**Description of the task:** Look for the line that has "Definition ptolemy_property (a" in the material below; please repeat it and every line after it, exactly, up to and including the line that has "admissible x y z w ->", and nothing else.

━━━━━━

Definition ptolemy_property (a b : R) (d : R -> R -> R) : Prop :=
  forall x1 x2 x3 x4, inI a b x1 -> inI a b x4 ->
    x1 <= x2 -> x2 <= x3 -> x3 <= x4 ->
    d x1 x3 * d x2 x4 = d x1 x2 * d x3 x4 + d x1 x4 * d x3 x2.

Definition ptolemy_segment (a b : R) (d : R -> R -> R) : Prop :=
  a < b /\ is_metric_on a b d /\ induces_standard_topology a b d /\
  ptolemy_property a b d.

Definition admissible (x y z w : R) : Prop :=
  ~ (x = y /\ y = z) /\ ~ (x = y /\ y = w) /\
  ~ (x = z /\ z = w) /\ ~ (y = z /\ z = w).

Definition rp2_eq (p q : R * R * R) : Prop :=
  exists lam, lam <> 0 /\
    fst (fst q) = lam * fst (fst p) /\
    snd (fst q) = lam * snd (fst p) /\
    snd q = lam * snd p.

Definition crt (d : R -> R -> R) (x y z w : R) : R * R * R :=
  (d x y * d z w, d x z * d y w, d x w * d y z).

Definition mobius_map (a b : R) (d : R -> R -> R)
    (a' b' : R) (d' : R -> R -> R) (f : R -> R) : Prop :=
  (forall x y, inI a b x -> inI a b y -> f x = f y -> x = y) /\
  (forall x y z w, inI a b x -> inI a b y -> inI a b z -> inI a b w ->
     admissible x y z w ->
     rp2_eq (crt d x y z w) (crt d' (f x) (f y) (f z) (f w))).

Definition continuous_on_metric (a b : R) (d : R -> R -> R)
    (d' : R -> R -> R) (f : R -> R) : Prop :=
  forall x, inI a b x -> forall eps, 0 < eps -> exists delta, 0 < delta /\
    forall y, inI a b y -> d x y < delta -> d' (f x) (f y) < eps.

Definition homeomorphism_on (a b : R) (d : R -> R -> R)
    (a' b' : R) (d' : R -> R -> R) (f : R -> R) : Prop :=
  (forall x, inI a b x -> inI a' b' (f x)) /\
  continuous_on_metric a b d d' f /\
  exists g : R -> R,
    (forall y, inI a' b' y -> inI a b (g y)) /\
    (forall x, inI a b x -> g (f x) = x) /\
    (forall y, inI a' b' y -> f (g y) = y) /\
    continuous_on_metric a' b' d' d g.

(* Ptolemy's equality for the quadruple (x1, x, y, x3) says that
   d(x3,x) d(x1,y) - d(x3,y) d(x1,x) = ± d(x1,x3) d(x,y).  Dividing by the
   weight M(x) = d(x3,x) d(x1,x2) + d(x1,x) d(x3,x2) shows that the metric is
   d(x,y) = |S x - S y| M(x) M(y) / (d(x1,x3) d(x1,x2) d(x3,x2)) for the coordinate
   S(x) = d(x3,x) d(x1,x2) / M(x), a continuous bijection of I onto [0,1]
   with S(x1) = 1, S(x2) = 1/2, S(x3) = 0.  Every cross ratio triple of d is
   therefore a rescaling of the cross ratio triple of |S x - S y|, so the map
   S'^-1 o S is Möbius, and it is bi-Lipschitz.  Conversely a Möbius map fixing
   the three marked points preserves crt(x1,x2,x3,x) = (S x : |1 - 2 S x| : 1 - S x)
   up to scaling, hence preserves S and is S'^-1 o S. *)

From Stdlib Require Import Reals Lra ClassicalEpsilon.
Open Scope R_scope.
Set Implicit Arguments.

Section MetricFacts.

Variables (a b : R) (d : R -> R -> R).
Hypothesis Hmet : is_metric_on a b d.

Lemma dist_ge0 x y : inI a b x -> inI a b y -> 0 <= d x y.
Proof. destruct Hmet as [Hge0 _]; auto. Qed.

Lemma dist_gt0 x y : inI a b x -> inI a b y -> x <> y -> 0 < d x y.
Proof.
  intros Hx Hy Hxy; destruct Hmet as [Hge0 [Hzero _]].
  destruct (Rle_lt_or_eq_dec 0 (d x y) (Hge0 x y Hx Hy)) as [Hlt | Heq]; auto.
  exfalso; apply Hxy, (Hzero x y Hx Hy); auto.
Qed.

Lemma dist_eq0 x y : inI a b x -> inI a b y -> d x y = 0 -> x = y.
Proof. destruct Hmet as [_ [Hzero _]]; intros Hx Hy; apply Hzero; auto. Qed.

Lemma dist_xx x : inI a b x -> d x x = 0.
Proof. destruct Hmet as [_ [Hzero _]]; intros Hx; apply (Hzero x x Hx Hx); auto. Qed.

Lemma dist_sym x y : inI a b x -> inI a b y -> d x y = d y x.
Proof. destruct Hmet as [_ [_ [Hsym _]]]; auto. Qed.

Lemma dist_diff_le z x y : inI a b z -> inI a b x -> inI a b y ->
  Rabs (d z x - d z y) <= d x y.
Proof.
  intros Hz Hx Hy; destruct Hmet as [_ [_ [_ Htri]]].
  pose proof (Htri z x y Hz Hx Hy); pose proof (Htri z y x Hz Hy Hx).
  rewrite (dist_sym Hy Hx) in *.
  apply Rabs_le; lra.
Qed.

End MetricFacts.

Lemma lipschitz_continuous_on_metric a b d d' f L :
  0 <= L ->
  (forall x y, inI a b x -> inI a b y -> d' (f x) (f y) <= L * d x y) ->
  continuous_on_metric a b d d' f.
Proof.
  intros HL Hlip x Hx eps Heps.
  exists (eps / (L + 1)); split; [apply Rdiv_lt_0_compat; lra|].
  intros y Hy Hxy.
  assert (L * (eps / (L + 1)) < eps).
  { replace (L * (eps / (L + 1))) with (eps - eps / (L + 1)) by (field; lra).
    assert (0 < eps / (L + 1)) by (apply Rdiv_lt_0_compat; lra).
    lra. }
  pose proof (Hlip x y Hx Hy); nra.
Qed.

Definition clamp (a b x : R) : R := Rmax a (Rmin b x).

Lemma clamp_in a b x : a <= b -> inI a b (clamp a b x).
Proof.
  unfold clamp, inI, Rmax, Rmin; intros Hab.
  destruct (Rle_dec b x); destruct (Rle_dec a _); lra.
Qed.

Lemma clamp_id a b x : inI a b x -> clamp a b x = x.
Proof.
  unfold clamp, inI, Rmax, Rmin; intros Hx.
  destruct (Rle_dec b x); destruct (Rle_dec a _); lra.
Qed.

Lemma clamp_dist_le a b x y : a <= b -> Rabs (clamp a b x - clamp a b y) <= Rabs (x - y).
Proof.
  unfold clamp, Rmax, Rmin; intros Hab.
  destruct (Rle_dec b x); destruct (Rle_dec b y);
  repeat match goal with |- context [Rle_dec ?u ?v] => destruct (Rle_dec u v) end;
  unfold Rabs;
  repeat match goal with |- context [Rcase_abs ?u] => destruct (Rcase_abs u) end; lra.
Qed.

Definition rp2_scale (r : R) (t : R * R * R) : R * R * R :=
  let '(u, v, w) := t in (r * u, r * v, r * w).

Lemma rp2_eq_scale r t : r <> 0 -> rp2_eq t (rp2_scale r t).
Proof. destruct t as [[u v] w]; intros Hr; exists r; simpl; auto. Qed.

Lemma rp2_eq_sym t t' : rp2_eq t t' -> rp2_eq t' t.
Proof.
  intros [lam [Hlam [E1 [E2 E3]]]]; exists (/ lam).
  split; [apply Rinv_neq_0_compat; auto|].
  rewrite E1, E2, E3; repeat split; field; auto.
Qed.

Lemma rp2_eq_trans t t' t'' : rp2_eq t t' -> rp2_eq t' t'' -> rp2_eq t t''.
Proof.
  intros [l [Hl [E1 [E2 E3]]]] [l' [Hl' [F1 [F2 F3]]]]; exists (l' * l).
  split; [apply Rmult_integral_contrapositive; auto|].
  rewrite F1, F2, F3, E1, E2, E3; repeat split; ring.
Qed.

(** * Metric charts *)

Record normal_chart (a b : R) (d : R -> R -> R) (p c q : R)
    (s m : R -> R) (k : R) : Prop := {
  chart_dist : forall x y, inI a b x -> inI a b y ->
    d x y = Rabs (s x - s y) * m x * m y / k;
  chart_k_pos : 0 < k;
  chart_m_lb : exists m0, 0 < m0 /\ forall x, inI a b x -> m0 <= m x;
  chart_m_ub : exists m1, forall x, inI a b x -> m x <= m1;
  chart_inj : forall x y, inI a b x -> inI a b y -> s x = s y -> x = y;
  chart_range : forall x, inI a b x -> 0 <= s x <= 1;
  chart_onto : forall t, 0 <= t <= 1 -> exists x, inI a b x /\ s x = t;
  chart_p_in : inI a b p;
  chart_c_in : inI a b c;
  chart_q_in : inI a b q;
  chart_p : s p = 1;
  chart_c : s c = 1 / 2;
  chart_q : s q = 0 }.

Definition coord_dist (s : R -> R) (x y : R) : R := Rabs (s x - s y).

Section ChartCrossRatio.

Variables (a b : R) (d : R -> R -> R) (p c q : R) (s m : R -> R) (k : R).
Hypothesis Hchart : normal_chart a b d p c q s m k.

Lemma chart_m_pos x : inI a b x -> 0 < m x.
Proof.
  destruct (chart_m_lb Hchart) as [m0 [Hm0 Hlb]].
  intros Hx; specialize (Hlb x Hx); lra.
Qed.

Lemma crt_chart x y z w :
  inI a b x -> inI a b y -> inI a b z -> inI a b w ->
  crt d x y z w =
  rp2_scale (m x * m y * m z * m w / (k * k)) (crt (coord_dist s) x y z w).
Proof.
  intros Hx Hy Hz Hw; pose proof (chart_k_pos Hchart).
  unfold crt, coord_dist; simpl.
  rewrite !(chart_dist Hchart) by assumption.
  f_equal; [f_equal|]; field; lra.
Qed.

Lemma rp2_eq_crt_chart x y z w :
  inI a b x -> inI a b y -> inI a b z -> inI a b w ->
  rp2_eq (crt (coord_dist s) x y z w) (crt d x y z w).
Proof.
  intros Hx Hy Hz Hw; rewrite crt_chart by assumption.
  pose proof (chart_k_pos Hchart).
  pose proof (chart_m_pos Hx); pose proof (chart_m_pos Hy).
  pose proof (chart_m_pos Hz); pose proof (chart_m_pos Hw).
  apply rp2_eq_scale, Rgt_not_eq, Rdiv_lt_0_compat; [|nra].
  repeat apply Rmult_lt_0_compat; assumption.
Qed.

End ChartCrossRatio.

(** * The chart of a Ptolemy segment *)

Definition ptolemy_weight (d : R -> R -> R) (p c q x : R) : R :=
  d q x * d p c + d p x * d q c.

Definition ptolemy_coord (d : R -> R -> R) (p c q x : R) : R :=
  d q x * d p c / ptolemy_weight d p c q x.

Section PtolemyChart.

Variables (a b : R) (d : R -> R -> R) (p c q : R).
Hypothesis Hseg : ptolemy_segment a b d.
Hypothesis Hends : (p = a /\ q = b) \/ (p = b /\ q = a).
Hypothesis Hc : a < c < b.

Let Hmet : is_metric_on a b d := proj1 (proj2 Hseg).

━━━━━━

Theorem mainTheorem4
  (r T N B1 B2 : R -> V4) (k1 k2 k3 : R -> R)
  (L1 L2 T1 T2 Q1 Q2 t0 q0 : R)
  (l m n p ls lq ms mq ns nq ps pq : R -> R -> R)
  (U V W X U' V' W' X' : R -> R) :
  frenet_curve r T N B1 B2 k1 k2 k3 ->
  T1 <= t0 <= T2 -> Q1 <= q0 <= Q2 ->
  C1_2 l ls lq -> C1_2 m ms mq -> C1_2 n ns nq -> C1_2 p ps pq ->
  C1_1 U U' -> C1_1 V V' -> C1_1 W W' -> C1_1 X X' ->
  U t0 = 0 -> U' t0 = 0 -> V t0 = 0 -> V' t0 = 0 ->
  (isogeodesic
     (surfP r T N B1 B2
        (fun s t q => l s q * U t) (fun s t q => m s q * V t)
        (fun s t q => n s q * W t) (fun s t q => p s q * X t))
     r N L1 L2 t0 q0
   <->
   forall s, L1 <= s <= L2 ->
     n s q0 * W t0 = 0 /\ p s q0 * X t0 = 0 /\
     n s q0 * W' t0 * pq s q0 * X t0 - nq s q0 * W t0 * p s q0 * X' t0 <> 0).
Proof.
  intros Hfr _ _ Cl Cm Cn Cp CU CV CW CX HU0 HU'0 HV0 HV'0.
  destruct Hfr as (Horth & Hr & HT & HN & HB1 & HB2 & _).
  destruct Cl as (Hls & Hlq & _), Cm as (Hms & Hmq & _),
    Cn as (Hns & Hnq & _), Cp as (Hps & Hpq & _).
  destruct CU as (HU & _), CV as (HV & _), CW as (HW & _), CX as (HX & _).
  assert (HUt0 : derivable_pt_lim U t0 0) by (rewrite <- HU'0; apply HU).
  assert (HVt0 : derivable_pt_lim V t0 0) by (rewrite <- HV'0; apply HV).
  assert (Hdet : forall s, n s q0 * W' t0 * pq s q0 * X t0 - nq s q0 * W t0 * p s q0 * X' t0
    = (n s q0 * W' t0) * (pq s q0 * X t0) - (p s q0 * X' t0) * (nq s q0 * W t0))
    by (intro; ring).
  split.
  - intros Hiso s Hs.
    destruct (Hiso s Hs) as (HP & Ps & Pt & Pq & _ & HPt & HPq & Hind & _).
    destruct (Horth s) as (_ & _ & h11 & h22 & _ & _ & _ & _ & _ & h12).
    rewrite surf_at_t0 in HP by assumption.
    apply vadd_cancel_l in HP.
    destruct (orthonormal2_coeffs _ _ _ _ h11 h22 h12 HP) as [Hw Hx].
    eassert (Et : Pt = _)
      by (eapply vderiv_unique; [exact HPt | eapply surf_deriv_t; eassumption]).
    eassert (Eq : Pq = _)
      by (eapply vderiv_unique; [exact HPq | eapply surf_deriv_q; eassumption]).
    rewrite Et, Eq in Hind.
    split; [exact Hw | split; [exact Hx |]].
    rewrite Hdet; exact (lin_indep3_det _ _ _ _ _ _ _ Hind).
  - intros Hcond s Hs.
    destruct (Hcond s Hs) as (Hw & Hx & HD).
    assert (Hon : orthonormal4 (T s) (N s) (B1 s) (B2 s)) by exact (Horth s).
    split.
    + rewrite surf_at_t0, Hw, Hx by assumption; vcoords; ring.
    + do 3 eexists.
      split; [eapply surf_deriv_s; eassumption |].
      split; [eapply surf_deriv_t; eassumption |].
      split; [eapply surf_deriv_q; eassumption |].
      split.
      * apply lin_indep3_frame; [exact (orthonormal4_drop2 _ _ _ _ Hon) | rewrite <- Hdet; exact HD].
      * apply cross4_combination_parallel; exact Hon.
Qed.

━━━━━━

**Exercise result:**
Definition ptolemy_property (a b : R) (d : R -> R -> R) : Prop :=
  forall x1 x2 x3 x4, inI a b x1 -> inI a b x4 ->
    x1 <= x2 -> x2 <= x3 -> x3 <= x4 ->
    d x1 x3 * d x2 x4 = d x1 x2 * d x3 x4 + d x1 x4 * d x3 x2.

Definition ptolemy_segment (a b : R) (d : R -> R -> R) : Prop :=
  a < b /\ is_metric_on a b d /\ induces_standard_topology a b d /\
  ptolemy_property a b d.

Definition admissible (x y z w : R) : Prop :=
  ~ (x = y /\ y = z) /\ ~ (x = y /\ y = w) /\
  ~ (x = z /\ z = w) /\ ~ (y = z /\ z = w).

Definition rp2_eq (p q : R * R * R) : Prop :=
  exists lam, lam <> 0 /\
    fst (fst q) = lam * fst (fst p) /\
    snd (fst q) = lam * snd (fst p) /\
    snd q = lam * snd p.

Definition crt (d : R -> R -> R) (x y z w : R) : R * R * R :=
  (d x y * d z w, d x z * d y w, d x w * d y z).

Definition mobius_map (a b : R) (d : R -> R -> R)
    (a' b' : R) (d' : R -> R -> R) (f : R -> R) : Prop :=
  (forall x y, inI a b x -> inI a b y -> f x = f y -> x = y) /\
  (forall x y z w, inI a b x -> inI a b y -> inI a b z -> inI a b w ->
     admissible x y z w ->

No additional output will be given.